------ DATA FOR THE TASK

Lemma tour_linked_parent f v j : 0 < v <= n -> n < v + f ->
  j \in tour f v -> j != v -> attached b j -> linked (tour f v) (parent b j) j.
Proof.
elim: f v => [|f IH] v /andP[v1 vn] hf; first by lia.
case/mem_tour_step => [-> /eqP // | [c hc hj]] jv aj.
have [pc c2 cn vc] := childrenP b_gt0 v1 hc.
case: (eqVneq j c) => [ejc | njc].
  have : block c (tour f c) by apply: tour_block; lia.
  case=> h [t [ect _ _]]; rewrite -ejc aj => ehj; subst h j.
  by rewrite pc; apply: linked_attached_child ect.
have linked_c : linked (tour f c) (parent b j) j by apply: IH => //; lia.
case/orP: (infix_tour_child f hc) => inf; first exact: linked_infix linked_c inf.
by apply: linked_infix inf; rewrite linked_rev.
Qed.

End Tour.

Section AttachedCount.

Variable b : nat.

Definition attached_count (m : nat) : nat := \sum_(i < m.+1) attached b i.

Lemma attached_count_S m : attached_count m.+1 = attached_count m + attached b m.+1.
Proof. by rewrite /attached_count big_ord_recr. Qed.

Lemma attached_count_le m : attached_count m <= m.
Proof.
elim: m => [|m IH]; first by rewrite /attached_count big_ord_recr big_ord0.
by rewrite attached_count_S; case: (attached b _) => /=; lia.
Qed.

Hypothesis b_ge3 : 2 < b.
Let b_gt0 : 0 < b := ltnW (ltnW b_ge3).

(* Numbers of vertices j in {2, ..., m} with slot j = 0, resp. slot j = 1. *)
Definition slot0_count (m : nat) : nat := (m + b - 2) %/ b.
Definition slot1_count (m : nat) : nat := (m + b - 3) %/ b.

Lemma slot0_count_S j : 1 < j -> slot0_count j = slot0_count j.-1 + (slot b j == 0).
Proof.
move=> j2; rewrite /slot0_count /slot.
have -> : j + b - 2 = (j.-1 + b - 2).+1 by lia.
rewrite divnS // addnC; congr (_ + _).
have -> : (j.-1 + b - 2).+1 = (j - 2) + b by lia.
by rewrite dvdn_addl.
Qed.

Lemma slot1_count_S j : 1 < j -> slot1_count j = slot1_count j.-1 + (slot b j == 1).
Proof.
move=> j2; rewrite /slot1_count /slot.
case: (ltnP j 3) => j3.
  have -> : j = 2 by lia.
  by rewrite subnn mod0n !divn_small //; lia.
have -> : j + b - 3 = (j.-1 + b - 3).+1 by lia.
rewrite divnS // addnC; congr (_ + _).
have -> : (j.-1 + b - 3).+1 = (j - 3) + b by lia.
have -> : j - 2 = (j - 3).+1 by lia.
rewrite dvdn_addl // modnS; congr (nat_of_bool _).
case: ifP => [hdiv | _]; last by rewrite eqSS.
case: (boolP (b %| j - 3)) => // hk; move: hdiv; rewrite -addn1 (dvdn_addr _ hk) dvdn1; lia.
Qed.

(* The second children counted by slot1_count m are the children of the
   first slot1_count m vertices. *)
Lemma slot1_count_parent j : 1 < j -> slot b j = 1 -> slot1_count j = parent b j.
Proof.
move=> j2 s1; rewrite /slot1_count /parent; rewrite /slot in s1.
have := divn_eq (j - 2) b; rewrite s1 => ej.
have -> : j + b - 3 = ((j - 2) %/ b).+1 * b by rewrite mulSn; lia.
by rewrite mulnK // addn1.
Qed.

(* Counting attached vertices by slot: a second child is attached exactly
   when its parent is not, and its parent ranges over {1, ..., slot1_count m}. *)
Lemma attached_count_rec m :
  attached_count m + attached_count (slot1_count m) = slot0_count m + slot1_count m.
Proof.
have small k : k < b -> k %/ b = 0 by move=> kb; rewrite divn_small.
elim: m => [|m IH].
  by rewrite /slot0_count /slot1_count !small /attached_count ?big_ord_recr ?big_ord0 //; lia.
case: (posnP m) => [-> | m1].
  by rewrite /slot0_count /slot1_count !small /attached_count ?big_ord_recr ?big_ord0 //; lia.
have j2 : 1 < m.+1 by lia.
rewrite attached_count_S (slot0_count_S j2) (slot1_count_S j2) /= (attachedE b_gt0 j2).
case: (eqVneq (slot b m.+1) 0) => [-> | s0] /=; first by rewrite !addn0; lia.
case: (eqVneq (slot b m.+1) 1) => [s1 | s2] /=; last by rewrite !addn0; lia.
have ep : (slot1_count m).+1 = parent b m.+1.
  by rewrite -(slot1_count_parent j2 s1) (slot1_count_S j2) s1 addn1.
rewrite addn1 attached_count_S ep.
by case: (attached b (parent b m.+1)) => /=; lia.
Qed.

(* Unfolding the recurrence three times bounds attached_count n from below. *)
Lemma attached_count_lb n :
  slot0_count n + slot1_count n + slot0_count (slot1_count (slot1_count n)) <=
  attached_count n + slot0_count (slot1_count n) + slot1_count (slot1_count n).
Proof.
set y := slot1_count n; set z := slot1_count y.
have := attached_count_rec n; have := attached_count_rec y; have := attached_count_rec z.
have := attached_count_le (slot1_count z); rewrite -/y -/z; lia.
Qed.

End AttachedCount.

Lemma next_cat (T : eqType) (s1 s2 : seq T) x y :
  uniq (s1 ++ x :: y :: s2) -> next (s1 ++ x :: y :: s2) x = y.
Proof.
move=> u; rewrite next_nth mem_cat inE eqxx orbT.
have xs1 : x \notin s1 by move: u; rewrite cat_uniq /= => /and3P[_ /norP[]].
case: s1 xs1 u => [|h s1] xs1 u /=; first by rewrite eqxx.
move: xs1; rewrite inE negb_or => /andP[hx xs1].
rewrite eq_sym (negbTE hx) index_cat (negbTE xs1) /= eqxx addn0.
by rewrite nth_cat ltnNge leqnSn /= subSn // subnn.
Qed.

Lemma linked_next (T : eqType) (s : seq T) x y : uniq s -> linked s x y ->
  (next s x == y) || (next s y == x).
Proof.
move=> us /orP[] /infixP[s1 [s2 e]]; rewrite e /= in us *.
  by rewrite next_cat ?eqxx.
by rewrite next_cat ?eqxx ?orbT.
Qed.

Lemma next_neq (T : eqType) (s : seq T) u : uniq s -> 1 < size s -> u \in s ->
  next s u != u.
Proof.
move=> us s2 us'; rewrite next_nth us'.
case: s us s2 us' => [//|h p] us s2 us'.
set i := index u (h :: p).
have hi : i < size (h :: p) by rewrite index_mem.
have hu : nth h (h :: p) i = u by rewrite nth_index.
case: (ltnP i (size p)) => hl.
  change (nth h (h :: p) i.+1 != u); rewrite -[X in _ != X]hu nth_uniq //=; lia.
rewrite nth_default // -[X in _ != X]hu -[h]/(nth h (h :: p) 0) nth_uniq //=.
by move: s2 => /=; lia.
Qed.

Lemma card_le_seq n (A : {set 'I_n}) (s : seq nat) :
  (forall y : 'I_n, y \in A -> (y : nat) \in s) -> #|A| <= size s.
Proof.
move=> h; rewrite cardE -(size_map val); apply: uniq_leq_size.
  by rewrite map_inj_uniq ?enum_uniq //; apply: val_inj.
by move=> z /mapP[y]; rewrite mem_enum => yA ->; apply: h.
Qed.

Section FullTour.

Variables b n : nat.
Hypotheses (b_ge2 : 1 < b) (n_gt0 : 0 < n).

Definition full_tour : seq nat := tour b n n 1.

Lemma mem_full_tour u : (u \in full_tour) = (0 < u <= n).
Proof.
apply/idP/idP => [hu | /(tour_covers b_ge2) //].
have [u1 un _] : [/\ 1 <= u, u <= n & ancestor b 1 u] by apply: tour_descendant hu; lia.
by rewrite un andbT.
Qed.

Lemma full_tour_uniq : uniq full_tour.
Proof. by apply: tour_uniq; rewrite ?n_gt0. Qed.

Lemma full_tour_perm : perm_eq full_tour (iota 1 n).
Proof.
apply: uniq_perm; [exact: full_tour_uniq | exact: iota_uniq |].
by move=> u; rewrite mem_full_tour mem_iota; lia.
Qed.

(* The tour closes up into a cycle: it starts and ends at thin vertices. *)
Lemma full_tour_cycle : cycle (tour_link b n) full_tour.
Proof.
have : block b n 1 full_tour by apply: tour_block; lia.
case=> h [t [-> p lt th]]; have {}th : thin b n h := th.
by rewrite /= rcons_path p /= /tour_link lt th !orbT.
Qed.

Lemma full_tour_attached j : 2 <= j <= n -> attached b j ->
  (next full_tour (parent b j) == j) || (next full_tour j == parent b j).
Proof.
move=> hj aj; apply: linked_next full_tour_uniq _.
have hjt : j \in full_tour by rewrite mem_full_tour; lia.
by apply: (tour_linked_parent b_ge2) hjt _ aj; lia.
Qed.

End FullTour.

Section RootPath.

Variable b : nat.
Hypothesis b_gt0 : 0 < b.

Lemma tree_child_block u v : tree_edge b u v -> u.-1 * b + 2 <= v < u.-1 * b + 2 + b.
Proof. by move=> /andP[v2 /eqP ->]; apply: child_block. Qed.

Lemma tree_parent_succ j : tree_parent b.+1 j = parent b j.
Proof. by rewrite /tree_parent /parent subn1. Qed.

Fixpoint root_path (f j : nat) : seq nat :=
  match f with
  | 0 => [::]
  | f'.+1 => if j <= 1 then [::] else parent b j :: root_path f' (parent b j)
  end.

Lemma size_root_path f j : size (root_path f j) = tree_depth_aux b.+1 f j.
Proof. by elim: f j => //= f IH j; case: ifP => //= _; rewrite IH tree_parent_succ. Qed.

Lemma last_root_path f j : 0 < j <= f.+1 -> last j (root_path f j) = 1.
Proof.
elim: f j => [|f IH] j hj /=; first by lia.
case: ifP => j1 /=; first by lia.
by apply: IH; have := parent_lt b_gt0 (_ : 2 <= j); rewrite parent_gt0 /=; lia.
Qed.

Lemma path_root_path f j : 0 < j ->
  path (fun u v => tree_edge b v u) j (root_path f j) /\ all (fun u => 0 < u <= j) (root_path f j).
Proof.
elim: f j => [|f IH] j j1 //=; case: ifP => //= j_le1.
have j2 : 2 <= j by lia.
have [p a] := IH (parent b j) (parent_gt0 b j).
rewrite p /tree_edge j2 eqxx parent_gt0 /= (ltnW (parent_lt b_gt0 j2)); split => //.
by apply: sub_all a => u /andP[-> /=] h; have := parent_lt b_gt0 j2; lia.
Qed.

------------

WORK ITEM =
Write out only the lines from the very start of the entries above to the line that includes "Definition attached_count (m", both ends included, each one unchanged.

SOLVED EXERCISE =
Lemma tour_linked_parent f v j : 0 < v <= n -> n < v + f ->
  j \in tour f v -> j != v -> attached b j -> linked (tour f v) (parent b j) j.
Proof.
elim: f v => [|f IH] v /andP[v1 vn] hf; first by lia.
case/mem_tour_step => [-> /eqP // | [c hc hj]] jv aj.
have [pc c2 cn vc] := childrenP b_gt0 v1 hc.
case: (eqVneq j c) => [ejc | njc].
  have : block c (tour f c) by apply: tour_block; lia.
  case=> h [t [ect _ _]]; rewrite -ejc aj => ehj; subst h j.
  by rewrite pc; apply: linked_attached_child ect.
have linked_c : linked (tour f c) (parent b j) j by apply: IH => //; lia.
case/orP: (infix_tour_child f hc) => inf; first exact: linked_infix linked_c inf.
by apply: linked_infix inf; rewrite linked_rev.
Qed.

End Tour.

Section AttachedCount.

Variable b : nat.

Definition attached_count (m : nat) : nat := \sum_(i < m.+1) attached b i.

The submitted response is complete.